[Records contained in a dataset]
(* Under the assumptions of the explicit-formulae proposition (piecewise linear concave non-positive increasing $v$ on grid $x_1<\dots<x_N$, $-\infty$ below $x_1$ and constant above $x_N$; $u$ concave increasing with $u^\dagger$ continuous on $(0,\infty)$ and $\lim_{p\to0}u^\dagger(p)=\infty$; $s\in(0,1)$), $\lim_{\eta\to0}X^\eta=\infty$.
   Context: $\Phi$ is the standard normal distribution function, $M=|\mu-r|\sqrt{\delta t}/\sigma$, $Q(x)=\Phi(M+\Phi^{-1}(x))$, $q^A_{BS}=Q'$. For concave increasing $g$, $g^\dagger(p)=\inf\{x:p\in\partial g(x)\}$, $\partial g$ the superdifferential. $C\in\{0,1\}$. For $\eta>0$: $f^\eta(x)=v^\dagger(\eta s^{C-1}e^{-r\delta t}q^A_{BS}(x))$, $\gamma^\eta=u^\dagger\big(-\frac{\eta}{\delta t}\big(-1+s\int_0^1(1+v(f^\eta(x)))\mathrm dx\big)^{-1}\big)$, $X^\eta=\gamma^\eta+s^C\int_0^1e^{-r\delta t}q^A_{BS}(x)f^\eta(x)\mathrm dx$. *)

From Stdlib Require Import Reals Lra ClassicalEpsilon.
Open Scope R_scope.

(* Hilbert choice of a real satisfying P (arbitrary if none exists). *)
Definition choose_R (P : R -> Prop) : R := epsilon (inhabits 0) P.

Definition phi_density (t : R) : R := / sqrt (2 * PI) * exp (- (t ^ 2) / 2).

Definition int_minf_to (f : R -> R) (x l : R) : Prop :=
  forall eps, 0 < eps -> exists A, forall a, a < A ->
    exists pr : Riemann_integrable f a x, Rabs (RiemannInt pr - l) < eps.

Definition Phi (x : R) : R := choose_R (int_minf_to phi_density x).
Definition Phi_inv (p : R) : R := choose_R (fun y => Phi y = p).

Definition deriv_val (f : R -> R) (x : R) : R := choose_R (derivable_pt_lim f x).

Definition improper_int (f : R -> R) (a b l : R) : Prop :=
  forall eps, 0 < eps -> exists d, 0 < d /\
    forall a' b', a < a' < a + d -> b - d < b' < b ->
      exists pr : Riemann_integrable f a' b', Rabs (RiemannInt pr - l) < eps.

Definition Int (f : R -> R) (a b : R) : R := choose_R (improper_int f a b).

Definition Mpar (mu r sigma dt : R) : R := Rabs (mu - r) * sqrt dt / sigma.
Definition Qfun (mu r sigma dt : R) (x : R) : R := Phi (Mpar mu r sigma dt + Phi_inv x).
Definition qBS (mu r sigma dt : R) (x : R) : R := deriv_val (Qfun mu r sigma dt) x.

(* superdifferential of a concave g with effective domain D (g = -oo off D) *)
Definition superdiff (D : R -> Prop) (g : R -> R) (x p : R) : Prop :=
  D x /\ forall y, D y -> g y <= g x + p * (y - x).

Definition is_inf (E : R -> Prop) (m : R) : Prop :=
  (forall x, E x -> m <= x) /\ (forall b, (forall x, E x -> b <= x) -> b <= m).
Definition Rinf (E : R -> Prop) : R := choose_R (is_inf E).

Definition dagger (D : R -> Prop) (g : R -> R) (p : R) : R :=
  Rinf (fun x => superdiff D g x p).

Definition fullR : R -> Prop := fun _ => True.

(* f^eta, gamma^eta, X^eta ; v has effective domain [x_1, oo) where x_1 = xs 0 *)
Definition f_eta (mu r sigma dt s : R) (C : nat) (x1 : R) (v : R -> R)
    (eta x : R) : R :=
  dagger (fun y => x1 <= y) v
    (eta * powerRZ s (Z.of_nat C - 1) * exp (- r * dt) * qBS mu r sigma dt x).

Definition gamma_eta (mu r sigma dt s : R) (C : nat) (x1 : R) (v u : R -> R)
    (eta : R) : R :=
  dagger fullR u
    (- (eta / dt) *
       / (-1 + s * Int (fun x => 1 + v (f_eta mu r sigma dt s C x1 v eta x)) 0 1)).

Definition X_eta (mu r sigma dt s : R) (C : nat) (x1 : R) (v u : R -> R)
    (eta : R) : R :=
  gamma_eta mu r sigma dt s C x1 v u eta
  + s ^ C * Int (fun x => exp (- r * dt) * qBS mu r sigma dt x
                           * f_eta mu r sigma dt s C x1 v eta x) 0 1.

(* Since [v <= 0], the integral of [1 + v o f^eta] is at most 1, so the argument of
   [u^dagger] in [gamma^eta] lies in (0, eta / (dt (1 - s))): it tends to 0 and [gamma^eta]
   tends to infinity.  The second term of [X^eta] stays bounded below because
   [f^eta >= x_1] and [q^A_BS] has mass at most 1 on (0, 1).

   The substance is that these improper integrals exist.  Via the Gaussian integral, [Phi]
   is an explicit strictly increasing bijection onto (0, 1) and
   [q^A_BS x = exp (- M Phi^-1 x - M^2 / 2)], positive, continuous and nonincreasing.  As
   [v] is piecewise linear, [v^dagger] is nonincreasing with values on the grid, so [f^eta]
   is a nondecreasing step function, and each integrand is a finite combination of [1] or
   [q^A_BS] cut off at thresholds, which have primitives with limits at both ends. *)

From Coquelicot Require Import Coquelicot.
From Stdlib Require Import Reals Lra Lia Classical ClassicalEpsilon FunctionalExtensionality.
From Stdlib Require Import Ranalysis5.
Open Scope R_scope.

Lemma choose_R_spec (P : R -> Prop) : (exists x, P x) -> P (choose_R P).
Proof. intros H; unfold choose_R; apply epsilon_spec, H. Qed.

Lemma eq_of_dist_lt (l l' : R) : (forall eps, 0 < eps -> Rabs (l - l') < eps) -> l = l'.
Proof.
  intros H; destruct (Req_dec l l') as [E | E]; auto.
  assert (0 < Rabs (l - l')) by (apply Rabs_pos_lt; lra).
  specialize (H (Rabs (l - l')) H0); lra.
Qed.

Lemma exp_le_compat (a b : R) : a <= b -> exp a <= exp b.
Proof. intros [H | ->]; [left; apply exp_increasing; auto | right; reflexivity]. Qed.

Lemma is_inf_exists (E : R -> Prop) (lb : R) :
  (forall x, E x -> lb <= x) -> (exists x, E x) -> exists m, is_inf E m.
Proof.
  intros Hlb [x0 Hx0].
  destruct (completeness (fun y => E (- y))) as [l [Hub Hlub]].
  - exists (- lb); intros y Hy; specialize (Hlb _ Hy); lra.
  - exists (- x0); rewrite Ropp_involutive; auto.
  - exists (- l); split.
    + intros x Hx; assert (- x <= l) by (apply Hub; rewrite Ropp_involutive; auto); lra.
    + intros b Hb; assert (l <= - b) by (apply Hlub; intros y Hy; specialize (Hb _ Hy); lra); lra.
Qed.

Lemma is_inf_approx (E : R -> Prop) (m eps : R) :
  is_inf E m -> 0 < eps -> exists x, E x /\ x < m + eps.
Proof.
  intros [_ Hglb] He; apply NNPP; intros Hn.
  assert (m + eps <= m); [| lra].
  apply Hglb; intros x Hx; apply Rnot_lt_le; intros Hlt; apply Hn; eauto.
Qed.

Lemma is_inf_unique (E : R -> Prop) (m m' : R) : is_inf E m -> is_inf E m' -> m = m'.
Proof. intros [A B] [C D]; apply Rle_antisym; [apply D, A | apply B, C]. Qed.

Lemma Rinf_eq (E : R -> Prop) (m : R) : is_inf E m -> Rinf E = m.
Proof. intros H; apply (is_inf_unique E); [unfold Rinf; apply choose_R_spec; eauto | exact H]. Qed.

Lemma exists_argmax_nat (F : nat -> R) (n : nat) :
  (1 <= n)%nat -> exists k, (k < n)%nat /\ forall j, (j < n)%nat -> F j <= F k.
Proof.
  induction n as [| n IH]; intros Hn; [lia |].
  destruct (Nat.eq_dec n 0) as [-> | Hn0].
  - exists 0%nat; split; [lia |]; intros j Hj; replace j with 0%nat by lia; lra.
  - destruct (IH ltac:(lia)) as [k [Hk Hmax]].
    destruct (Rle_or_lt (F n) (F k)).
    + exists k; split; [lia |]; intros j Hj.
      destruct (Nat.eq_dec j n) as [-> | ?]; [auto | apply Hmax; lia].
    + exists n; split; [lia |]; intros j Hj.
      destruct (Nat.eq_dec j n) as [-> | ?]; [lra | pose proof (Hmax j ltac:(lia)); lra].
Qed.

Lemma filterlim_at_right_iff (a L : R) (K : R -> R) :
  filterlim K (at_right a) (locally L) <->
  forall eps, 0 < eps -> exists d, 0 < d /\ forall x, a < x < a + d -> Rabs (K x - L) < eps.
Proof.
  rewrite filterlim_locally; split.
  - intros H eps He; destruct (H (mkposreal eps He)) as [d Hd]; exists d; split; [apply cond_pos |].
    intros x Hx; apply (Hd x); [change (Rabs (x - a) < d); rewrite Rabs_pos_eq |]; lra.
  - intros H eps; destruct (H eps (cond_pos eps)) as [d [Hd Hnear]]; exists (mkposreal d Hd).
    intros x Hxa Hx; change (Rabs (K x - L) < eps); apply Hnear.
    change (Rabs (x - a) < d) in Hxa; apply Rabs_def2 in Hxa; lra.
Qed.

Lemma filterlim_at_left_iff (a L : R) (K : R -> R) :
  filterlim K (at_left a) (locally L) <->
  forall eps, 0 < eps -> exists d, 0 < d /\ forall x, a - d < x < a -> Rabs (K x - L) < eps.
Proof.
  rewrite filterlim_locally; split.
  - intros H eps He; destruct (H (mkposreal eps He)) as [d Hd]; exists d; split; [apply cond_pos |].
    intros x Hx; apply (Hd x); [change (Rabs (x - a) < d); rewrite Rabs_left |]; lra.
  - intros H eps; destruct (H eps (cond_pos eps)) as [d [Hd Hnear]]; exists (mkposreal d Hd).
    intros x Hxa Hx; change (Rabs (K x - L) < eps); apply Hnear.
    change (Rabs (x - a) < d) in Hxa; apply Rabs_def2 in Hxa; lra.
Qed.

* _Exercise_
Nothing but the lines above from the one containing "gamma_eta mu r sigma dt s C x1 v u eta" through the one containing "[f^eta >= x_1]" should appear in the answer, each repeated exactly.

* _Your solution_
  gamma_eta mu r sigma dt s C x1 v u eta
  + s ^ C * Int (fun x => exp (- r * dt) * qBS mu r sigma dt x
                           * f_eta mu r sigma dt s C x1 v eta x) 0 1.

(* Since [v <= 0], the integral of [1 + v o f^eta] is at most 1, so the argument of
   [u^dagger] in [gamma^eta] lies in (0, eta / (dt (1 - s))): it tends to 0 and [gamma^eta]
   tends to infinity.  The second term of [X^eta] stays bounded below because
   [f^eta >= x_1] and [q^A_BS] has mass at most 1 on (0, 1).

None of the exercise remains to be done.